### WORK TO COMPLETE
Find the line with "End Transport." in the data below, then restate it and all remaining lines exactly, adding nothing.

****************

Lemma Qfun0 : Qfun t (0 : L) = false.
Proof.
have := Qfun_polar 0 0.
by rewrite addr0 mulr0 (tr_card2_0 cardL) andbF !addbF; case: (Qfun t 0).
Qed.

(* The polar form of [Q] is [(p, q) |-> tr p tr q + tr (p q)], which at
   [p = 1] is [tr q] because [tr 1 = n%:R = 0]. *)
Lemma Qfun_not_xor_additive : ~ xor_additive (Qfun t : L -> bool).
Proof.
move=> Q_add; have [q trq] := exists_tr_card2 cardL.
have tr1 : tr n (1 : L) = false.
  rewrite /tr /trace_fld (eq_bigr (fun _ => 1)) => [|i _]; last by rewrite expr1n.
  rewrite sumr_const card_ord -mulr_natr mul1r natrM (pcharf0 chL).
  by rewrite mul0r eq_sym oner_eq0.
have := Qfun_polar 1 q; rewrite Q_add tr1 mul1r trq.
by case: (Qfun t 1); case: (Qfun t q).
Qed.

End QuadraticForm.

Lemma exprNCi_addb (b1 b2 : bool) :
  (- 'i) ^+ (b1 (+) b2) = (- 'i) ^+ b1 * (- 'i) ^+ b2 * sgn (b1 && b2) :> algC.
Proof.
case: b1; case: b2; rewrite /sgn /= ?expr0 ?expr1 ?mulr1 ?mul1r //.
by rewrite -expr2 sqrrN sqrCi mulN1r opprK.
Qed.

Lemma exprCi_bool (b : bool) : 'i ^+ b = (1 + 'i) / 2%:R + (1 - 'i) / 2%:R * sgn b :> algC.
Proof.
have ? : (2%:R : algC) != 0 by rewrite pnatr_eq0.
by case: b; rewrite /sgn /= ?expr0 ?expr1; field.
Qed.

Lemma norm_half_sgn (b1 b2 : bool) :
  `| (1 + 'i) / 2%:R * sgn b1 + (1 - 'i) / 2%:R * sgn b2 | = 1 :> algC.
Proof.
have ? : (2%:R : algC) != 0 by rewrite pnatr_eq0.
case: b1; case: b2; rewrite /sgn /= ?expr0 ?expr1.
- by rewrite (_ : _ + _ = -1) ?normrN ?normr1 //; field.
- by rewrite (_ : _ + _ = - 'i) ?normrN ?normCi //; field.
- by rewrite (_ : _ + _ = 'i) ?normCi //; field.
- by rewrite (_ : _ + _ = 1) ?normr1 //; field.
Qed.

Section NegaCharacter.
Variables (L : finFieldType) (t : nat).
Local Notation n := (2 * t)%N.
Hypothesis cardL : #|L| = (2 ^ n)%N.
Variable a : 'I_n -> L.
Hypothesis a_self_dual : self_dual a.

Definition nega_char (z : L) : algC :=
  'i ^+ wt a z * sgn (Qfun t z) * (- 'i) ^+ tr n z.

(* The defect [sgn (tr (p q))] of [exprCi_wtD] and the defect
   [sgn (tr p && tr q)] of [exprNCi_addb] are both produced by [Qfun_polar]. *)
Lemma nega_charD (p q : L) : nega_char (p + q) = nega_char p * nega_char q.
Proof.
rewrite /nega_char (exprCi_wtD cardL a_self_dual) (Qfun_polar cardL) (tr_card2_addb cardL).
rewrite exprNCi_addb (sgn_addb (_ (+) _ (+) _)) (sgn_addb (_ (+) _)) (sgn_addb (Qfun t p)).
move: (sgnK (tr n (p * q))) (sgnK (tr n p && tr n q)).
move: (sgn (tr n (p * q))) (sgn (_ && _)) => s1 s2 s1K s2K.
move: ('i ^+ _) ('i ^+ _) ((- 'i) ^+ _) ((- 'i) ^+ _) (sgn (Qfun t p)) (sgn (Qfun t q)).
by move=> w1 w2 e1 e2 q1 q2; rewrite -[RHS]mulr1 -s1K -[RHS]mulr1 -s2K; ring.
Qed.

Lemma nega_char_sqr (z : L) : nega_char z ^+ 2 = 1.
Proof.
rewrite /nega_char !exprMn [sgn _ ^+ 2]expr2 sgnK mulr1 !(exprAC _ _ 2) sqrrN sqrCi.
by rewrite (tr_odd_wt cardL a_self_dual) -signr_odd -exprD addnn -signr_odd odd_double.
Qed.

Definition nega_bit (z : L) := nega_char z == -1.

Lemma sgn_nega_bit (z : L) : sgn (nega_bit z) = nega_char z.
Proof.
rewrite /nega_bit; case: eqP => [->//|neq1] /=.
by have /eqP := nega_char_sqr z; rewrite sqrf_eq1 => /orP [/eqP//|/eqP].
Qed.

Lemma xor_additive_nega_bit : xor_additive nega_bit.
Proof.
move=> x y; apply: (@signr_inj algC).
by rewrite -!/(sgn _) sgn_addb !sgn_nega_bit nega_charD.
Qed.

Lemma exprCi_wt_nega_bit (z : L) :
  'i ^+ wt a z = sgn (nega_bit z) * sgn (Qfun t z) * 'i ^+ tr n z.
Proof.
have niK : (- 'i) ^+ tr n z * 'i ^+ tr n z = 1 :> algC.
  by rewrite -exprMn mulNr -expr2 sqrCi opprK expr1n.
rewrite sgn_nega_bit /nega_char; move: (sgnK (Qfun t z)) niK.
move: ('i ^+ wt a z) (sgn (Qfun t z)) ((- 'i) ^+ tr n z) ('i ^+ tr n z) => w s e i sK niK.
by rewrite -[LHS]mulr1 -sK -[LHS]mulr1 -niK; ring.
Qed.

End NegaCharacter.

Definition walsh_flat (V : finZmodType) (e : nat) (f : V -> bool) :=
  forall l : V -> bool, xor_additive l ->
    exists b, \sum_z sgn (f z (+) l z) = sgn b * 2 ^+ e.

Section FlatWalshSpectrum.
Variables (L : finFieldType) (t : nat).
Local Notation n := (2 * t)%N.
Hypothesis cardL : #|L| = (2 ^ n)%N.

Lemma xor_additive_tr_mull (mu : L) : xor_additive (fun z => tr n (mu * z)).
Proof. by move=> x y; rewrite mulrDr (tr_card2_addb cardL). Qed.

Lemma walsh_flat_bent (g : L -> bool) : walsh_flat t g -> bent n g.
Proof.
move=> g_flat mu; have [b ->] := g_flat _ (xor_additive_tr_mull mu).
by rewrite normrM normr_sign mul1r mulKn // ger0_norm // exprn_ge0 // ler0n.
Qed.

Lemma walsh_flat_negabent (a : 'I_n -> L) (g : L -> bool) :
  self_dual a -> walsh_flat t (fun z => g z (+) Qfun t z) -> negabent a g.
Proof.
move=> a_self_dual gQ_flat mu; rewrite mulKn //.
pose l z := tr n (mu * z) (+) nega_bit a z.
have l_add : xor_additive l.
  move=> x y; rewrite /l xor_additive_tr_mull.
  by rewrite (xor_additive_nega_bit cardL a_self_dual) addbACA.
have l'_add : xor_additive (fun z => l z (+) tr n z).
  by move=> x y; rewrite l_add (tr_card2_addb cardL) addbACA.
have [b1 sum1] := gQ_flat _ l_add; have [b2 sum2] := gQ_flat _ l'_add.
rewrite (eq_bigr (fun z => (1 + 'i) / 2%:R * sgn (g z (+) Qfun t z (+) l z)
    + (1 - 'i) / 2%:R * sgn (g z (+) Qfun t z (+) (l z (+) tr n z)))); last first.
  move=> z _; rewrite (exprCi_wt_nega_bit cardL a_self_dual) exprCi_bool /l !sgn_addb.
  by move: (sgn _) (sgn _) (sgn _) (sgn _) (sgn _) => s1 s2 s3 s4 s5; ring.
rewrite big_split /= -!mulr_sumr sum1 sum2 !mulrA -mulrDl normrM norm_half_sgn mul1r.
by rewrite ger0_norm // exprn_ge0 // ler0n.
Qed.

End FlatWalshSpectrum.

Section Transport.
Variables (K L : finFieldType) (t : nat).
Hypothesis cardK : #|K| = (2 ^ t)%N.
Variable phi : K * K -> L.
Hypothesis phi_add : forall x1 y1 x2 y2,
  phi (x1 + x2, y1 + y2) = phi (x1, y1) + phi (x2, y2).
Hypothesis phi_bij : bijective phi.

Lemma phi_split x y : phi (x, y) = phi (x, 0) + phi (0, y).
Proof. by rewrite -phi_add addr0 add0r. Qed.

Lemma walsh_flat_maiorana_mcfarland (f : L -> bool) (sigma : K -> K) (l1 k : K -> bool) :
  injective sigma -> xor_additive l1 ->
  (forall x y, f (phi (x, y)) = tr t (x * sigma y) (+) l1 x (+) k y) -> walsh_flat t f.
Proof.
move=> sigma_inj l1_add f_mm l l_add.
have l1l_add : xor_additive (fun x => l1 x (+) l (phi (x, 0))).
  by move=> x x'; rewrite l1_add -[in (x + x', 0)](addr0 0) phi_add l_add addbACA.
have [b sum_b] :=
  maiorana_mcfarland_walsh cardK (fun y => k y (+) l (phi (0, y))) sigma_inj l1l_add.
exists b; rewrite (reindex phi (onW_bij _ phi_bij)) -natrX -cardK -sum_b.
apply: eq_bigr => -[x y] _ /=; rewrite f_mm phi_split l_add.
by case: (tr t _); case: (l1 x); case: (k y); case: (l _); case: (l _).
Qed.

End Transport.

Section CompleteMappingConstruction.
Variables (t : nat) (K L : finFieldType).
Hypotheses (cardK : #|K| = (2 ^ t)%N) (cardL : #|L| = (2 ^ (2 * t))%N).
Variable phi : K * K -> L.
Hypothesis phi_add : forall x1 y1 x2 y2,
  phi (x1 + x2, y1 + y2) = phi (x1, y1) + phi (x2, y2).
Hypothesis phi_bij : bijective phi.
Variables (a1 a2 a3 a4 beta gamma : K) (c : bool).
Hypothesis HQ : forall x y : K,
  Qfun t (phi (x, y)) =
  Gfun t (a1 * x + a2) (a3 * y + a4) (+) tr t (beta * x) (+) tr t (gamma * y) (+) c.
Variables (pi h : {poly K}).
Hypothesis pi_complete : complete_mapping pi.
Variable g : L -> bool.
Hypothesis Hg : forall x y : K,
  let f := fun u v : K => tr t (u * pi.[v]) (+) tr t h.[v] in
  g (phi (x, y)) =
    f (a1 * x + a2) (a3 * y + a4) (+) Gfun t (a1 * x + a2) (a3 * y + a4)
    (+) tr t (beta * x) (+) tr t (gamma * y) (+) c.

Local Notation trK := (tr_card2_addb cardK).

Lemma tr_affine_mul x z : tr t ((a1 * x + a2) * z) = tr t (x * (a1 * z)) (+) tr t (a2 * z).
Proof. by rewrite mulrDl trK mulrCA mulrA. Qed.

****************

### PROBLEM SOLUTION
End Transport.

Section CompleteMappingConstruction.
Variables (t : nat) (K L : finFieldType).
Hypotheses (cardK : #|K| = (2 ^ t)%N) (cardL : #|L| = (2 ^ (2 * t))%N).
Variable phi : K * K -> L.
Hypothesis phi_add : forall x1 y1 x2 y2,
  phi (x1 + x2, y1 + y2) = phi (x1, y1) + phi (x2, y2).
Hypothesis phi_bij : bijective phi.
Variables (a1 a2 a3 a4 beta gamma : K) (c : bool).
Hypothesis HQ : forall x y : K,
  Qfun t (phi (x, y)) =
  Gfun t (a1 * x + a2) (a3 * y + a4) (+) tr t (beta * x) (+) tr t (gamma * y) (+) c.
Variables (pi h : {poly K}).
Hypothesis pi_complete : complete_mapping pi.
Variable g : L -> bool.
Hypothesis Hg : forall x y : K,
  let f := fun u v : K => tr t (u * pi.[v]) (+) tr t h.[v] in
  g (phi (x, y)) =
    f (a1 * x + a2) (a3 * y + a4) (+) Gfun t (a1 * x + a2) (a3 * y + a4)
    (+) tr t (beta * x) (+) tr t (gamma * y) (+) c.

Local Notation trK := (tr_card2_addb cardK).

Lemma tr_affine_mul x z : tr t ((a1 * x + a2) * z) = tr t (x * (a1 * z)) (+) tr t (a2 * z).
Proof. by rewrite mulrDl trK mulrCA mulrA. Qed.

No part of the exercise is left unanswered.